He ditched the pacifier months ago and thinks it's funny when I put it in his mouth. He's an easy, warm and snuggly sleeper in bed with us. He's jolly and easy and predictable.

I love his name. And I can't help but think of this very charge for him, the one that told me while still in the womb that if I had a son his name would be such, each time I pray for the man he will become.

Proverbs 31:1-9
The sayings of King Lemuel- an inspired utterance his mother taught him.
Listen, my son! Listen, son of my womb!
Listen, my son, the answer to my prayers!
Do not spend your strength on women, 
your vigor on those who ruin kings.

It is not for kings, Lemuel-
it is not for kings to drink wine, 
not for rulers to crave beer,
lest they drink and forget what has been decreed,
and deprive all the oppressed of their rights.
Let beer be for those who are perishing,
wine for those who are in anguish!
Let them drink and forget their poverty
and remember their misery no more.

Speak up for those who cannot speak for themselves,
for the rights of all who are destitute.
Speak up and judge fairly;
defend the rights of the poor and needy.

Time can keep making its way through the seasons of my life. My squishy delicious babies weren't made to just be adorable squishy babes. What destiny this little person contains! What a calling to have future men in my home.

Be a good king, Lemuel, in the sight of our God. You have a royal inheritance in the Kingdom of God.

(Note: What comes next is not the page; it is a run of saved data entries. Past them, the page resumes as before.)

(* exp (-y^2/2) cosh y is nonincreasing on [0, +oo), by sinh_le_mult_cosh. *)
Lemma cosh_le_exp_sqr x : 0 <= x -> cosh x <= exp (x * x / 2).
Proof.
  intros [Hx | <-].
  2:{ rewrite cosh_0, Rmult_0_l, Rdiv_0_l, exp_0. lra. }
  set (g := fun y => cosh y * exp (- (y * y / 2))).
  destruct (MVT_cor2 g (fun y => exp (- (y * y / 2)) * (sinh y - y * cosh y)) 0 x Hx)
    as [c [Hc Hcx]].
  - intros c _.
    replace (exp (- (c * c / 2)) * (sinh c - c * cosh c)) with
      (sinh c * exp (- (c * c / 2)) + cosh c * (exp (- (c * c / 2)) * (- ((1 * c + c * 1) / 2))))
      by field.
    apply (derivable_pt_lim_mult cosh (fun y => exp (- (y * y / 2))));
      [apply derivable_pt_lim_cosh|].
    apply (derivable_pt_lim_comp (fun y => - (y * y / 2)) exp); [|apply derivable_pt_lim_exp].
    apply (derivable_pt_lim_opp (fun y => y * y / 2)), (derivable_pt_lim_div_scal (fun y => y * y)).
    apply (derivable_pt_lim_mult id id); apply derivable_pt_lim_id.
  - assert (Hg0 : g 0 = 1) by (unfold g; rewrite cosh_0, Rmult_0_l, Rdiv_0_l, Ropp_0, exp_0; ring).
    pose proof (sinh_le_mult_cosh c (Rlt_le _ _ (proj1 Hcx))).
    pose proof (exp_pos (- (c * c / 2))).
    assert (Hgx : g x <= 1).
    { rewrite <- Hg0. assert (exp (- (c * c / 2)) * (sinh c - c * cosh c) * (x - 0) <= 0); [|lra].
      assert (exp (- (c * c / 2)) * (sinh c - c * cosh c) <= 0).
      { rewrite <- (Rmult_0_r (exp (- (c * c / 2)))). apply Rmult_le_compat_l; lra. }
      apply Rle_trans with (0 * (x - 0)); [apply Rmult_le_compat_r|]; lra. }
    unfold g in Hgx. rewrite exp_Ropp in Hgx. pose proof (exp_pos (x * x / 2)).
    apply Rmult_le_reg_r with (/ exp (x * x / 2)); [now apply Rinv_0_lt_compat|].
    rewrite Rinv_r by lra. exact Hgx.
Qed.

Lemma exp_le_inv_one_minus a : a < 1 -> exp a <= / (1 - a).
Proof.
  intros Ha. pose proof (exp_ineq1_le (- a)) as Hexp. pose proof (exp_pos a).
  rewrite exp_Ropp in Hexp.
  apply Rmult_le_reg_r with (1 - a); [lra|]. rewrite Rinv_l by lra.
  apply Rmult_le_reg_r with (/ exp a); [now apply Rinv_0_lt_compat|].
  replace (exp a * (1 - a) * / exp a) with (1 - a) by (field; lra). lra.
Qed.

Lemma exp_81_128_le_2 : exp (81 / 128) <= 2.
Proof.
  replace (81 / 128) with (INR 8 * (81 / 1024)) by (simpl; lra).
  rewrite exp_INR_mult. apply Rle_trans with ((/ (1 - 81 / 1024)) ^ 8).
  - apply pow_incr. split; [left; apply exp_pos | apply exp_le_inv_one_minus; lra].
  - simpl. lra.
Qed.

Lemma exp_22_5_ge_50 : 50 <= exp (22 / 5).
Proof.
  replace (22 / 5) with (INR 32 * (11 / 80)) by (simpl; lra).
  rewrite exp_INR_mult. apply Rle_trans with ((1 + 11 / 80) ^ 32).
  - simpl. lra.
  - apply pow_incr. split; [lra | apply exp_ineq1_le].
Qed.

Lemma words_length n : length (words n) = (4 ^ n)%nat.
Proof.
  induction n as [|n IH]; [reflexivity|].
  rewrite words_S, Nat.pow_succ_r', <- IH. clear IH.
  induction (words n) as [|w ws IHws]; [reflexivity|].
  cbn [flat_map]. rewrite length_app, IHws. simpl. lia.
Qed.

Lemma words_length_in n w : In w (words n) -> length w = n.
Proof.
  revert w; induction n as [|n IH]; intros w Hw.
  - destruct Hw as [<- | []]; reflexivity.
  - rewrite words_S in Hw. apply in_flat_map in Hw as (w0 & Hw0 & Hw).
    apply in_map_iff in Hw as (x & <- & _). simpl. f_equal. now apply IH.
Qed.

Lemma filter_list_prod_length {A B} (f : A * B -> bool) (g : A -> bool) l m :
  (forall a b, f (a, b) = g a) ->
  length (filter f (list_prod l m)) = (length (filter g l) * length m)%nat.
Proof.
  intros Hfg. induction l as [|a l IH]; [reflexivity|].
  simpl. rewrite filter_app, length_app, IH.
  assert (length (filter f (map (fun y => (a, y)) m)) = if g a then length m else 0%nat).
  { clear IH. destruct (g a) eqn:Ea; induction m as [|b m IHm];
      simpl; rewrite ?Hfg, ?Ea; simpl; rewrite ?IHm; auto. }
  destruct (g a); simpl; lia.
Qed.

Lemma count_ge_mul_exp_le {A} (g : A -> R) a lam l : 0 <= lam ->
  INR (length (filter (fun x => if Rle_dec a (g x) then true else false) l)) * exp (lam * a)
  <= sumR (fun x => exp (lam * g x)) l.
Proof.
  intros Hl. induction l as [|x l IH]; simpl; [lra|].
  pose proof (exp_pos (lam * g x)).
  destruct (Rle_dec a (g x)) as [Ha | Ha]; [|lra].
  simpl length. rewrite S_INR.
  assert (exp (lam * a) <= exp (lam * g x)) by (apply exp_mono, Rmult_le_compat_l; lra).
  lra.
Qed.
Definition opzero : Op X Y.
Proof.
  refine (mkOp X Y (fun _ => vzero) _ _ _).
  - intros; now rewrite vadd0.
  - intros; now rewrite vscal_zero.
  - exists 0; intro x. rewrite vnorm_zero. lra.
Defined.
End MoreOps.

Lemma oppow_S {X : NormedSpace} (T : Op X X) n x : oppow T (S n) x = T (oppow T n x).
Proof. reflexivity. Qed.
Lemma oppow_0 {X : NormedSpace} (T : Op X X) x : oppow T 0 x = x.
Proof. reflexivity. Qed.
Lemma oppow_Sr {X : NormedSpace} (T : Op X X) n x : oppow T (S n) x = oppow T n (T x).
Proof. induction n; simpl; auto. rewrite <- IHn. reflexivity. Qed.

Lemma oppow_ext {X : NormedSpace} (T S : Op X X) :
  opeq T S -> forall n v, oppow T n v = oppow S n v.
Proof. intros H n; induction n; intro v; simpl; auto. rewrite IHn. apply H. Qed.

Lemma oppow_sq {X : NormedSpace} (T : Op X X) n v :
  oppow (opcomp T T) n v = oppow T (2 * n) v.
Proof.
  induction n; simpl; auto. rewrite IHn.
  replace (n + S (n + 0))%nat with (S (n + (n + 0))) by lia. reflexivity.
Qed.

Lemma pow_bound {X : NormedSpace} (T : Op X X) k :
  0 <= k -> (forall x, vnorm (T x) <= k * vnorm x) ->
  forall n x, vnorm (oppow T n x) <= k ^ n * vnorm x.
Proof.
  intros Hk H n; induction n; intro x.
  - simpl; lra.
  - rewrite oppow_S. eapply Rle_trans; [apply H|]. simpl.
    rewrite Rmult_assoc. apply Rmult_le_compat_l; auto.
Qed.
Lemma hafs_perm_ord (R : comPzRingType) n (w : 'I_n -> 'I_n -> R) s1 s2 :
  (forall i j, w i j = w j i) -> uniq s1 -> perm_eq s1 s2 ->
  hafs w s1 = hafs w s2.
Proof.
move=> w_sym u1 p12; have u2 : uniq s2 by rewrite -(perm_uniq p12).
pose A := \matrix_(i, j) w i j : 'M[R]_n.
have wA s : uniq s -> hafs w s = hafset A [set:: s].
  move=> us; rewrite -hafs_hafset //; last by move=> i j; rewrite !mxE.
  by apply: eq_hafs => // i j _ _ _; rewrite mxE.
by rewrite !wA //; congr hafset; apply/setP => z; rewrite !inE (perm_mem p12).
Qed.

(* The same for vertices labelled by natural numbers, which embed into a large
   enough ordinal type. *)
Lemma hafs_perm (R : comPzRingType) (w : nat -> nat -> R) s1 s2 :
  (forall i j, w i j = w j i) -> uniq s1 -> perm_eq s1 s2 -> hafs w s1 = hafs w s2.
Proof.
move=> w_sym u1 p12; pose N := (\max_(x <- s1) x).+1.
have ltN x : x \in s1 -> (x < N)%N.
  by move=> xs; rewrite ltnS; exact: (@leq_bigmax_seq nat s1 xpredT id x xs).
pose emb := fun x : nat => (inord x : 'I_N).
have embK s : {subset s <= s1} -> map val (map emb s) = s.
  by move=> ss; rewrite -map_comp map_id_in // => x /ss /ltN /inordK.
have emb_inj : {in s1 &, injective emb}.
  by move=> x y xs ys /(congr1 val); rewrite /= !inordK ?ltN.
rewrite -(embK s1) // -(embK s2) => [|x]; last by rewrite (perm_mem p12).
rewrite !(@hafs_map _ _ _ val _ _ val_inj).
by apply: hafs_perm_ord; rewrite ?(map_inj_in_uniq emb_inj) ?(perm_map emb p12).
Qed.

6 months and baby's first Christmas.



Monday, December 9, 2013

sights and smells of Christmas...


The ludicrous amount of sweets consumed has begun!

Christian Fellowship Academy's concert night!
The thrift store pulled through for some Christmas-y apparel! 


When family living nearby is nowhere to be found, special traditions carry on with special people who long for the same comforts. And we love these people.



Our FIRST family picture of the 7 of us! Yes, Lemuel will be 6 months in a few days. Better late than never.

Still such a mama's boy.


Only a mama thinks this face, still healing from the effects of a virus weeks ago, is precious in every little way. 

The tree. Much larger than we thought. MUCH larger than our little space can/should really contain, but the kids LOVE it!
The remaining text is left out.